International Standards are drafted in accordance with the rules given in the ISO/IEC Directives, Part 2.
The main task of technical committees is to prepare International Standards. Draft International Standards
adopted by the technical committees are circulated to the member bodies for voting. Publication as an
International Standard requires approval by at least 75 % of the member bodies casting a vote.
Attention is drawn to the possibility that some of the elements of this document may be the subject of patent
rights. ISO shall not be held responsible for identifying any or all such patent rights.
ISO 15769 was prepared by Technical Committee ISO/TC 113, Hydrometry, Subcommittee SC 1, Velocity
area methods.
This first edition of ISO 15769 cancels and replaces ISO/TS 15769:2000, which has been technically revised.
INTERNATIONAL STANDARD ISO 15769:2010(E)
Hydrometry — Guidelines for the application of acoustic
velocity meters using the Doppler and echo correlation
methods
1 Scope
This International Standard provides guidelines on the principles of operation and the selection and use of
Doppler-based and echo correlation velocity meters for continuous-flow gauging.
This International Standard is applicable to channel flow determination in open channels and partially filled
pipes using one or more meters located at fixed points in the cross-section.
NOTE A limitation of the techniques is that measurement is made of the velocity of particles, other reflectors or
disturbances.
2 Normative references
The following referenced documents are indispensable for the application of this document. For dated
references, only the edition cited applies. For undated references, the latest edition of the referenced
document applies.
ISO/TS 25377:2007, Hydrometric uncertainty guidance (HUG)

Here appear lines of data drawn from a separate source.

Lemma D_eq0_of_isotropic w : w != 0 -> (forall X, beta X w = 0) -> forall Y, D Y = 0.
Proof.
move=> w_neq0 w_iso Y.
have Dw : D w = 0 := D_eq0_of_beta_eq0 w_iso.
have key Y' Z : th w Z *: D Y' = - (th w Y' *: D Z).
  by rewrite -(beta_scale_D_alt w Y' Z) Dw scaler0 sub0r opprK -beta_torsion w_iso subr0.
have diag Z : th w Z *: D Z = 0.
  have /eqP := key Z Z; rewrite -addr_eq0 -mulr2n -scaler_nat scaler_eq0 pnatr_eq0 /=.
  by move/eqP.
have thwDY Z : th w Z *: D Y = 0.
  have /eqP : th w Z *: (th w Z *: D Y) = 0.
    by rewrite key scalerN scalerA mulrC -scalerA diag scaler0 oppr0.
  by rewrite scaler_eq0 => /orP[/eqP->|/eqP //]; rewrite scale0r.
by case: (scale_th_eq0 th_nondeg thwDY) => // w0; rewrite w0 eqxx in w_neq0.
Qed.

Lemma D_eq0_of_scalar : (forall Y, D Y = cT *: Y) -> forall Z, D Z = 0.
Proof.
move=> Dc; have [c0 Z|c_neq0] := eqVneq cT 0; first by rewrite Dc c0 scale0r.
suff V0 (X : V) : X = 0 by move=> Z; rewrite Dc (V0 Z) scaler0.
apply: th_nondeg => Y; set s := th X Y.
have th_diag := skew_form_diag th_skew.
have e1 : cT * s * (beta Y X - s) = 0.
  have := congr1 (th Y) (beta_scale_D_alt X Y X); rewrite !Dc.
  rewrite !(biformDr th_bilin, biformNr th_bilin, biformZr th_bilin).
  by rewrite !th_diag [th Y X]th_skew -/s => e; lra.
have e2 : cT * s * (beta X Y + s) = 0.
  have := congr1 (th X) (beta_scale_D_alt X Y Y); rewrite !Dc.
  rewrite !(biformDr th_bilin, biformNr th_bilin, biformZr th_bilin).
  by rewrite !th_diag -/s => e; lra.
have betaXY : beta X Y = s + beta Y X by rewrite /s -beta_torsion subrK.
have : cT * (s * s) = 0 by rewrite betaXY in e2; lra.
by move/eqP; rewrite mulf_eq0 (negbTE c_neq0) mulf_eq0 orbb => /eqP.
Qed.

Section Abelian.
Hypothesis br0 : forall X Y, br X Y = 0.
Let nab0 := symplectic_nab_abelian th_bilin th_nondeg nabE br0.

Let simpl0 := (nab0, D0, phi0, beta0l, beta0r, scale0r, scale1r, scaler0,
  mul0r, mul1r, mulr0, mulr1, addr0, add0r).

Lemma beta_scale_vT X Y : beta X Y *: vT = phi Y *: D X.
Proof.
have := nabt_flat T (lift X) (lift Y) => /(congr1 fst).
rewrite ext_bracket_T (bimap0l nabt_bilin) !nabt_pair /= !simpl0.
by move/eqP; rewrite subr_eq0 => /eqP.
Qed.

Lemma beta_mul_cT X Y : beta X Y * cT = beta X (D Y) + phi Y * phi X.
Proof.
have := nabt_flat T (lift X) (lift Y) => /(congr1 snd).
rewrite ext_bracket_T (bimap0l nabt_bilin) !nabt_pair /= !simpl0.
by move/eqP; rewrite subr_eq0 => /eqP.
Qed.

Lemma D_eq0_of_phi_neq0 Z : phi Z != 0 -> D Z = 0.
Proof.
move=> phiZ; have thDZ X Y : th X Y *: D Z = 0.
  have /eqP : phi Z *: (th X Y *: D Z) = 0.
    rewrite -beta_scale_D_alt scalerBr !scalerA ![phi Z * _]mulrC -!scalerA -!beta_scale_vT.
    by rewrite !scalerA mulrC subrr.
  by rewrite scaler_eq0 (negbTE phiZ) => /eqP.
by case: (scale_th_eq0 th_nondeg (thDZ (D Z))).
Qed.

Lemma D_eq0_of_phi_eq0 : (forall Y, phi Y = 0) -> forall Z, D Z = 0.
Proof.
move=> phi_eq0.
case: (classic (forall Y, D Y = cT *: Y)) => [|/not_all_ex_not [Y DY]].
  exact: D_eq0_of_scalar.
apply: (@D_eq0_of_isotropic (D Y - cT *: Y)) => [|X]; first by rewrite subr_eq0; apply/eqP.
have betaXDY : beta X (D Y) = beta X Y * cT by rewrite beta_mul_cT !phi_eq0 mulr0 addr0.
by rewrite addrC -scaleNr beta_linear_r betaXDY mulNr mulrC addNr.
Qed.

Lemma D_eq0_abelian Z : D Z = 0.
Proof.
have [phiZ|] := eqVneq (phi Z) 0; last exact: D_eq0_of_phi_neq0.
have [vT0|vT_neq0] := eqVneq vT 0.
  have [//|DZ] := eqVneq (D Z) 0; apply: D_eq0_of_phi_eq0 => Y.
  have /eqP := beta_scale_vT Z Y; rewrite vT0 scaler0 eq_sym scaler_eq0 (negbTE DZ) orbF.
  by move/eqP.
apply: D_eq0_of_beta_eq0 => X.
have /eqP := beta_scale_vT X Z; rewrite phiZ scale0r scaler_eq0 (negbTE vT_neq0) orbF.
by move/eqP.
Qed.

End Abelian.

End CentralExtension.

Unset Implicit Arguments.

Theorem mainTheorem4 (R : realType) (n : nat)
    (br : 'rV[R]_n -> 'rV[R]_n -> 'rV[R]_n) (th : 'rV[R]_n -> 'rV[R]_n -> R)
    (nab : 'rV[R]_n -> 'rV[R]_n -> 'rV[R]_n)
    (nabt : ('rV[R]_n * R^o)%type -> ('rV[R]_n * R^o)%type -> ('rV[R]_n * R^o)%type) :
  is_lie_bracket br ->
  lie_nilpotent br ->
  is_symplectic_form br th ->
  (forall X Y Z, th (nab X Y) Z = - th Y (br X Z)) ->
  is_affine_structure (ext_bracket br th) nabt ->
  (forall X Y, (nabt (X, 0) (Y, 0)).1 = nab X Y) ->
  forall (X : 'rV[R]_n) (t : R), (nabt (X, 0) (0, t)).1 = 0.
Proof.
move=> br_lie br_nil [th_bilin th_skew th_nondeg _] nabE.
move=> [nabt_bilin nabt_torsion nabt_flat] nabt_ext X t.
have [br_bilin br_alt br_jacobi] := br_lie.
have D_eq0 Z : D nabt Z = 0.
  have [n_le2|n_gt2] := leqP n 2.
    by apply: (D_eq0_abelian (br := br) (th := th) (nab := nab)) => //;
      apply: nilpotent_lie_bracket_small_eq0.
  exact: (D_eq0_dim_gt2 (br := br) (th := th) (nab := nab)).
by rewrite nabt_lift_central // D_eq0 scaler0.
Qed.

ISO 772, Hydrometry — Vocabulary and symbols
3 Terms, definitions and abbreviated terms
3.1 Terms and definitions
For the purposes of this document, the terms and definitions given in ISO 772 and the following apply.
3.1.1
beam angle
mounting angle of the acoustic transducer relative to the normalized profiling direction
NOTE Different beam angles will be suitable for different applications.
3.1.2
beam width
width of the acoustic signal transmitted, in degrees (°), from the centre of the transducer
NOTE This, coupled with the side lobe of the acoustic signal, will affect the suitability of a particular instrument for its
application, based on the mounting location and the distance of the water volume measured from the sensor.
3.1.3
bed-mounted device
upward-looking Doppler or echo correlation device that measures velocities within a beam looking upwards at
an angle through the water column
3.1.4
bin
depth cell
portion of the water sampled by the instrument at a known distance and orientation from the transducers
NOTE The instrument determines the velocity in each cell.
3.1.5
blanking distance
portion of water close to the instrument that is not sampled by Doppler technology
NOTE 1 This is left blank to allow the transducer to stop “ringing” before it receives reflected signals.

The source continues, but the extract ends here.